Elle reste cependant pénible dans sa réalisation car les travaux sont difficiles. Aussi la mobilisation des bénéficiaires est parfois difficile lors des travaux communautaires. Enfin, l’absence ou l’insuffisance des carrières de moellons dans certaines localités peuvent constituer un handicap.
ENSEIGNEMENTS TIRES DU PROCESSUS D’AMENAGEMENT PRP CONSOLIDE
❖ Originalité
La responsabilisation des bénéficiaires qui sont au coeur du processus permet une bonne appropriation des aménagements, et facilite l’entretien permanent des ouvrages.
Le fait de scinder l’activité sur deux campagnes divise l’intensité des travaux qui nécessitent beaucoup de main d’oeuvre et de temps. La consolidation permet de disposer à la deuxième année d’aménagement d’un bas fond plus durable.
❖ Facteurs clés de succès
Les facteurs clés de succès sont :
- l’adhésion des populations à l’effort collectif pour cet objectif de développement ;
- l’atténuation de l’effort physique et la réduction du temps mis pour l’aménagement au niveau des bénéficiaires du fait de la répartition des travaux sur deux ans ;
- l’avantage de déceler après une première campagne les parties les plus vulnérables de l’ouvrage où l’accent est mis avec des actions ou des traitements spécifiques lors de la consolidation.
❖ Impact
- l’amélioration des revenus des populations bénéficiaires ;
- l’amélioration de la sécurité alimentaire et nutritionnelle au niveau des populations par la diversification de l’alimentation et la consommation d’un riz sain, produit du terroir ;
- le renforcement des liens sociaux par la capacité des populations à satisfaire à certaines exigences de la communauté.

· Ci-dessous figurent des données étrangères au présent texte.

(* Let $\mathcal{H}\subseteq\{0,1\}^{\mathcal{X}}$ with $|\mathcal{H}|>2$. For any learning algorithm $\hat h_n$ there exists a realizable distribution $P$ such that $\mathbf{E}[\mathrm{er}_P(\hat h_n)]\ge 2^{-n-2}$ for infinitely many $n$. In particular, $\mathcal{H}$ is not learnable at rate faster than $e^{-n}$.
   Context: $\mathrm{er}_P(h)=P\{(x,y):h(x)\ne y\}$ for a distribution $P$ on $\mathcal{X}\times\{0,1\}$; $P$ is realizable if $\inf_{h\in\mathcal{H}}\mathrm{er}_P(h)=0$. A learning algorithm is a sequence of (universally measurable) maps $H_n:(\mathcal{X}\times\{0,1\})^n\times\mathcal{X}\to\{0,1\}$ with $\hat h_n(x)=H_n((X_1,Y_1),\ldots,(X_n,Y_n),x)$ for i.i.d. $(X_i,Y_i)\sim P$. ''Not learnable at rate faster than $R$'' means that for every learning algorithm there exist a realizable $P$ and $C,c>0$ with $\mathbf{E}[\mathrm{er}_P(\hat h_n)]\ge CR(cn)$ for infinitely many $n$. *)

From HB Require Import structures.
From mathcomp Require Import all_boot all_order all_algebra.
From mathcomp Require Import all_classical all_reals all_analysis.
Set Implicit Arguments.
Unset Strict Implicit.
Unset Printing Implicit Defensive.
Import Order.TTheory GRing.Theory Num.Theory.
Local Open Scope classical_set_scope.
Local Open Scope ring_scope.
Local Open Scope ereal_scope.

(* Universal measurability: f^-1(B) lies in the mu-completion of the
   sigma-algebra of T for every probability measure mu on T and every
   measurable B. *)
Definition universally_measurable (R : realType) (d1 d2 : measure_display)
  (T : measurableType d1) (U : measurableType d2) (f : T -> U) : Prop :=
  forall (mu : probability T R) (B : set U), measurable B ->
    exists A1 A2 : set T, [/\ measurable A1, measurable A2,
      A1 `<=` f @^-1` B, f @^-1` B `<=` A2 & mu (A2 `\` A1) = 0].

Definition learning_algorithm (R : realType) (d : measure_display)
  (X : measurableType d) (A : forall n : nat, n.-tuple (X * bool)%type -> X -> bool)
  : Prop :=
  forall n : nat,
    @universally_measurable R _ _ (n.-tuple (X * bool)%type * X)%type bool
      (fun p => A n p.1 p.2).

(* er_P(h) = P{(x,y) : h x <> y}, written as the integral of the indicator
   (coincides with P of that set whenever it is measurable, and with the
   completed measure when it is P-completion measurable). *)
Definition er (R : realType) (d : measure_display) (X : measurableType d)
  (P : probability (X * bool)%type R) (h : X -> bool) : \bar R :=
  \int[P]_z ((h z.1 != z.2)%:R)%:E.

Definition realizable (R : realType) (d : measure_display) (X : measurableType d)
  (H : set (X -> bool)) (P : probability (X * bool)%type R) : Prop :=
  ereal_inf [set er P h | h in H] = 0.
(* (i) The graph with a single vertex and no arcs is a $2$-gadget. (ii) The directed cycle on three vertices (vertices $1,2,3$, arcs $(1,2),(2,3),(3,1)$) is a $3$-gadget (with any of its vertices as distinguished vertex $1$). (iii) Let $D$ be the oriented graph on vertex set $\{0,1,2,3,4,5\}$ with the 15 arcs $(1,0),(0,2),(2,1),(4,5),(5,3),(3,4),(5,0),(3,1),(4,2),(0,3),(1,4),(2,5),(0,4),(1,5),(2,3)$. Then $D$ is a $4$-gadget when vertex $4$ is taken as the distinguished first vertex, i.e. there are a $D$-function $f$ over $[4]$ and a function $\phi:[4]^{5}\to[4]$ such that $D$ is not $4$-solvable and every $x\in[4]^6$ with $f_v(x)\ne x_v$ for all $v$ satisfies $x_4=\phi(x_0,x_1,x_2,x_3,x_5)$.
   Context: A directed graph $D=(V,E)$ has arcs $E \subseteq \{(u,v)\in V^2 : u \neq v\}$; it is an oriented graph if it never contains both $(u,v)$ and $(v,u)$. $N^-(v)=\{u:(u,v)\in E\}$. For $q\ge2$ let $[q]=\{0,\dots,q-1\}$. A $D$-function over $[q]$ is a map $f=(f_v)_{v\in V}:[q]^V\to[q]^V$ with each $f_v(x)$ depending only on $(x_u)_{u\in N^-(v)}$. $D$ is $q$-solvable if some $D$-function $f$ over $[q]$ has the property that for every $x\in[q]^V$ there is $v$ with $f_v(x)=x_v$. A $q$-gadget is an oriented graph $D$ with vertices labelled $1,\dots,n$ (vertex $1$ being distinguished) which is not $q$-solvable, but for which there exist a $D$-function $f$ over $[q]$ and a function $\phi:[q]^{n-1}\to[q]$ such that every $x\in[q]^n$ with $f_v(x)\ne x_v$ for all $v$ satisfies $x_1=\phi(x_2,\dots,x_n)$. *)

From mathcomp Require Import all_boot.
Set Implicit Arguments. Unset Strict Implicit. Unset Printing Implicit Defensive.

(* A directed graph on vertex set 'I_n is given by its arc relation E : rel 'I_n,
   E u v meaning (u,v) is an arc.  Configurations x in [q]^V are functions 'I_n -> 'I_q. *)

Definition oriented_graph (n : nat) (E : rel 'I_n) : Prop :=
  forall u v : 'I_n, E u v -> u != v /\ ~~ E v u.

Definition D_function (n q : nat) (E : rel 'I_n)
    (f : ('I_n -> 'I_q) -> 'I_n -> 'I_q) : Prop :=
  forall (v : 'I_n) (x y : 'I_n -> 'I_q),
    (forall u : 'I_n, E u v -> x u = y u) -> f x v = f y v.

Definition q_solvable (n q : nat) (E : rel 'I_n) : Prop :=
  exists f : ('I_n -> 'I_q) -> 'I_n -> 'I_q,
    D_function E f /\ forall x : 'I_n -> 'I_q, exists v : 'I_n, f x v = x v.

(* The function phi : [q]^{n-1} -> [q]
   of the remaining coordinates is represented as a function of the whole
   configuration that does not depend on the coordinate d. *)
Definition q_gadget (n q : nat) (E : rel 'I_n) (d : 'I_n) : Prop :=
  oriented_graph E /\ ~ q_solvable q E /\
  exists (f : ('I_n -> 'I_q) -> 'I_n -> 'I_q) (phi : ('I_n -> 'I_q) -> 'I_q),
    D_function E f /\
    (forall x y : 'I_n -> 'I_q, (forall v, v != d -> x v = y v) -> phi x = phi y) /\
    (forall x : 'I_n -> 'I_q, (forall v, f x v <> x v) -> x d = phi x).

Definition arcs_rel (n : nat) (s : seq (nat * nat)) : rel 'I_n :=
  fun u v => (nat_of_ord u, nat_of_ord v) \in s.

Definition single_vertex : rel 'I_1 := fun _ _ => false.

(* directed 3-cycle 1->2->3->1, vertices relabelled 0,1,2 *)
Definition cycle3 : rel 'I_3 := @arcs_rel 3 [:: (0,1); (1,2); (2,0)].

Definition D6 : rel 'I_6 := @arcs_rel 6
  [:: (1,0); (0,2); (2,1); (4,5); (5,3); (3,4); (5,0); (3,1); (4,2);
      (0,3); (1,4); (2,5); (0,4); (1,5); (2,3)].
Lemma tagging_inj : inj_graph_on (A `|` D) (A `*` A) tagging.
Proof.
have [Jfun Jinj' JDA Jtot] := Jinj; split.
- move=> x [u a] [v b]; rewrite /tagging /=.
  move=> -[[Ax [-> ->]]|[Dx [-> Ja]]] [[Ax' [-> ->]]|[Dx' [-> Jb]]] //.
  + by case: (AD Ax Dx').
  + by case: (AD Ax' Dx).
  + by rewrite (Jfun _ _ _ Ja Jb).
- move=> x x' [u a]; rewrite /tagging /= => -[[Ax [Eu Ea]]|[Dx [Eu Ja]]]
    [[Ax' [Eu' Ea']]|[Dx' [Eu' Ja']]]; first by rewrite -Ea -Ea'.
  + by case: t01; rewrite -Eu -Eu'.
  + by case: t01; rewrite -Eu -Eu'.
  + exact: Jinj' Ja Ja'.
- move=> x [u a]; rewrite /tagging /= => -[[Ax [-> ->]]|[Dx [-> /JDA[_ Aa]]]].
  + by split; [left|split].
  + by split; [right|split].
- move=> x [Ax|Dx]; first by exists (t0, x); left.
  by have [a Ja] := Jtot x Dx; exists (t1, a); right.
Qed.

Definition tag_code : set (B * B) := graph_comp tagging G.

Definition square_code : set ((B * B) * B) :=
  graph_comp (graph_prod tag_code tag_code) G.

Lemma square_code_inj : inj_graph_on ((A `|` D) `*` (A `|` D)) A square_code.
Proof.
have code_inj : inj_graph_on (A `|` D) A tag_code.
  exact: inj_graph_on_comp tagging_inj Gpair.
exact: inj_graph_on_comp (inj_graph_on_prod code_inj code_inj) Gpair.
Qed.

End Coding.

Lemma pairing_graph_extend G t0 t1 : pairing_graph G ->
  gdom G t0 -> gdom G t1 -> t0 <> t1 ->
  (exists H, inj_graph_on (gdom G) (~` gdom G) H) ->
  exists2 G', G `<` G' & pairing_graph G'.
Proof.
move=> Gpair At0 At1 t01 [H [Hfun Hinj HAC Htot]].
set A := gdom G; set D := [set y | exists x, H (x, y)]; set S := A `|` D.
have AD x : A x -> ~ D x by move=> Ax [a /HAC[_]].
have HAD : inj_graph_on A D H.
  by split => // x y Hxy; split; [case: (HAC _ _ Hxy)|exists x].
have HDA := inj_graph_on_transpose HAD.
pose N p := (S `*` S `\` A `*` A) p.1 /\
  graph_comp (square_code G t0 t1 D (graph_transpose H)) H p.
have Ninj : inj_graph_on (S `*` S `\` A `*` A) D N.
  apply: (@inj_graph_on_restrict _ _ (S `*` S)); first by move=> p [].
  exact: inj_graph_on_comp (square_code_inj Gpair At0 At1 t01 AD HDA) HAD.
have G'inj : inj_graph_on (A `*` A `|` (S `*` S `\` A `*` A)) (A `|` D) (G `|` N).
  by apply: inj_graph_on_setU Gpair Ninj => [p AAp [] |].
rewrite setDUK in G'inj; last by apply: setSX; apply: subsetUl.
have domG' : gdom (G `|` N) = S := gdom_inj_graph_on G'inj.
exists (G `|` N); last by rewrite /pairing_graph domG'.
split; first exact: subsetUl.
move=> G'G; have [d Hd] := Htot t0 At0.
have Sd : S d by right; exists t0.
rewrite -domG' in Sd; have [y G'd] := Sd.
by apply: (AD d); [exists y; apply: G'G | exists t0].
Qed.

Lemma pairing_graph_square_inj G t0 t1 : pairing_graph G ->
  gdom G t0 -> gdom G t1 -> t0 <> t1 ->
  (exists H, inj_graph_on (~` gdom G) (gdom G) H) ->
  exists g : B * B -> B, injective g.
Proof.
move=> Gpair At0 At1 t01 [H Hinj].
have [_ Qinj _ Qtot] :=
  square_code_inj Gpair At0 At1 t01 (fun x Ax nAx => nAx Ax) Hinj.
by apply: (graph_inj _ Qinj) => p; apply: Qtot; split; apply: EM.
Qed.

Definition nat_seed (f : nat -> B) : set ((B * B) * B) := fun p =>
  exists m n, [/\ p.1.1 = f m, p.1.2 = f n & p.2 = f (pickle (m, n))].

Lemma nat_seed_pairing (f : nat -> B) : injective f -> pairing_graph (nat_seed f).
Proof.
move=> finj.
suff seed_inj : inj_graph_on (range f `*` range f) (range f) (nat_seed f).
  by rewrite /pairing_graph (gdom_inj_graph_on seed_inj).
split.
- move=> [x1 x2] y y' [m [n [/= -> -> ->]]] [m' [n' [/= E1 E2 ->]]].
  by rewrite (finj _ _ E1) (finj _ _ E2).
- move=> [x1 x2] [x1' x2'] y [m [n [/= -> -> ->]]] [m' [n' [/= -> ->]]].
  by move=> /finj /(pcan_inj pickleK) [-> ->].
- move=> [x1 x2] y [m [n [/= -> -> ->]]]; by split; [split|]; eexists.
- move=> [x1 x2] [/= [m _ <-] [n _ <-]]; by exists (f (pickle (m, n))), m, n.
Qed.

Lemma pairing_graph_maximal (seed : set ((B * B) * B)) :
  pairing_graph seed -> seed !=set0 ->
  exists G, [/\ pairing_graph G, seed `<=` G & forall G', G `<` G' -> ~ pairing_graph G'].
Proof.
move=> seed_pair [t0 seed_t0].
pose P G := pairing_graph G /\ (G = set0 \/ seed `<=` G).
have [G [[Gpair Gseed] Gmax]] : exists G, P G /\ forall G', G `<` G' -> ~ P G'.
  apply: Zorn_bigcup => F FP Ftot; split; first by apply: pairing_bigcup Ftot => X /FP[].
  have [[X FX seedX]|noseed] := EM (exists2 X, F X & seed `<=` X).
    by right; apply: subset_trans seedX _; apply: bigcup_sup.
  left; apply/predeqP => t; split => // -[X FX Xt].
  by case: (FP X FX) => _ [X0|seedX]; [rewrite X0 in Xt|case: noseed; exists X].
have seedG : seed `<=` G.
  case: Gseed => // G0; exfalso; apply: (Gmax seed); last by split => //; right.
  by rewrite G0; split => // /(_ t0 seed_t0).
exists G; split => // G' GG' G'pair; apply: (Gmax G' GG'); split => //.
by right; apply: subset_trans seedG (properW GG').
Qed.

End Hessenberg.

Les facteurs de durabilité de l’expérience sont :
- les aménagements sont faits à la demande et les bénéficiaires acceptent d’adhérer aux différents principes et sont engagés ;
- les aménagements sont faits sur des terres ayant fait l’objet d’accords socio-fonciers, ce qui atténue le risque d’insécurité foncière ;
- la formation des bénéficiaires qui permet une bonne appropriation et un meilleur entretien des aménagements ;
- la mise en place du COGES qui permet un bon entretien des aménagements notamment par une gestion du petit matériel utilisé lors des travaux ;
- la mise en place de coopérative pour mieux organiser les producteurs et valoriser leur production (fourniture d’intrants, recherche de marchés…) ;
- le fonds de roulement qui permet de maintenir la productivité des aménagements ;
- l’accompagnement et la disponibilité de l’encadrement technique.
La technique d’aménagement de type « PRP consolidé » est facilement reproductible et son coût est relativement raisonnable. Les estimations financières faites par les techniciens du Projet donnent un coût d’environ 1 200 000 FCFA à l’hectare ; la contribution des bénéficiaires est estimée à environ 30 000 FCFA à l’hectare.
Pour ce qui est des moyens humains :
- les Services Techniques Déconcentrés (STD) et les CRA sont dans toutes les communes, ce qui assure un encadrement qualifié de proximité ;
- les bénéficiaires assimilent et s’approprient bien les techniques d’aménagements.
terres de bas-fonds peut constituer une contrainte pour la réalisation de ces aménagements.
❖ Perspectives et défis
Les perspectives de valorisation des bas-fonds notamment avec des travaux de type PRP consolidés ont de nombreux avantages et contribuent à l’atteinte de la sécurité alimentaire.
Cependant de nombreux défis restent à relever. Il s’agira de :
- trouver les meilleures approches pour rendre plus accessibles les carrières de moellons qui font l’objet de concurrence du fait d’autres utilisations (BTP, CES/DRS, etc.) ;
- résoudre la question sécuritaire qui rend inaccessibles certaines zones qui pourtant ont un potentiel en bas-fonds aménageables en PRP consolidé.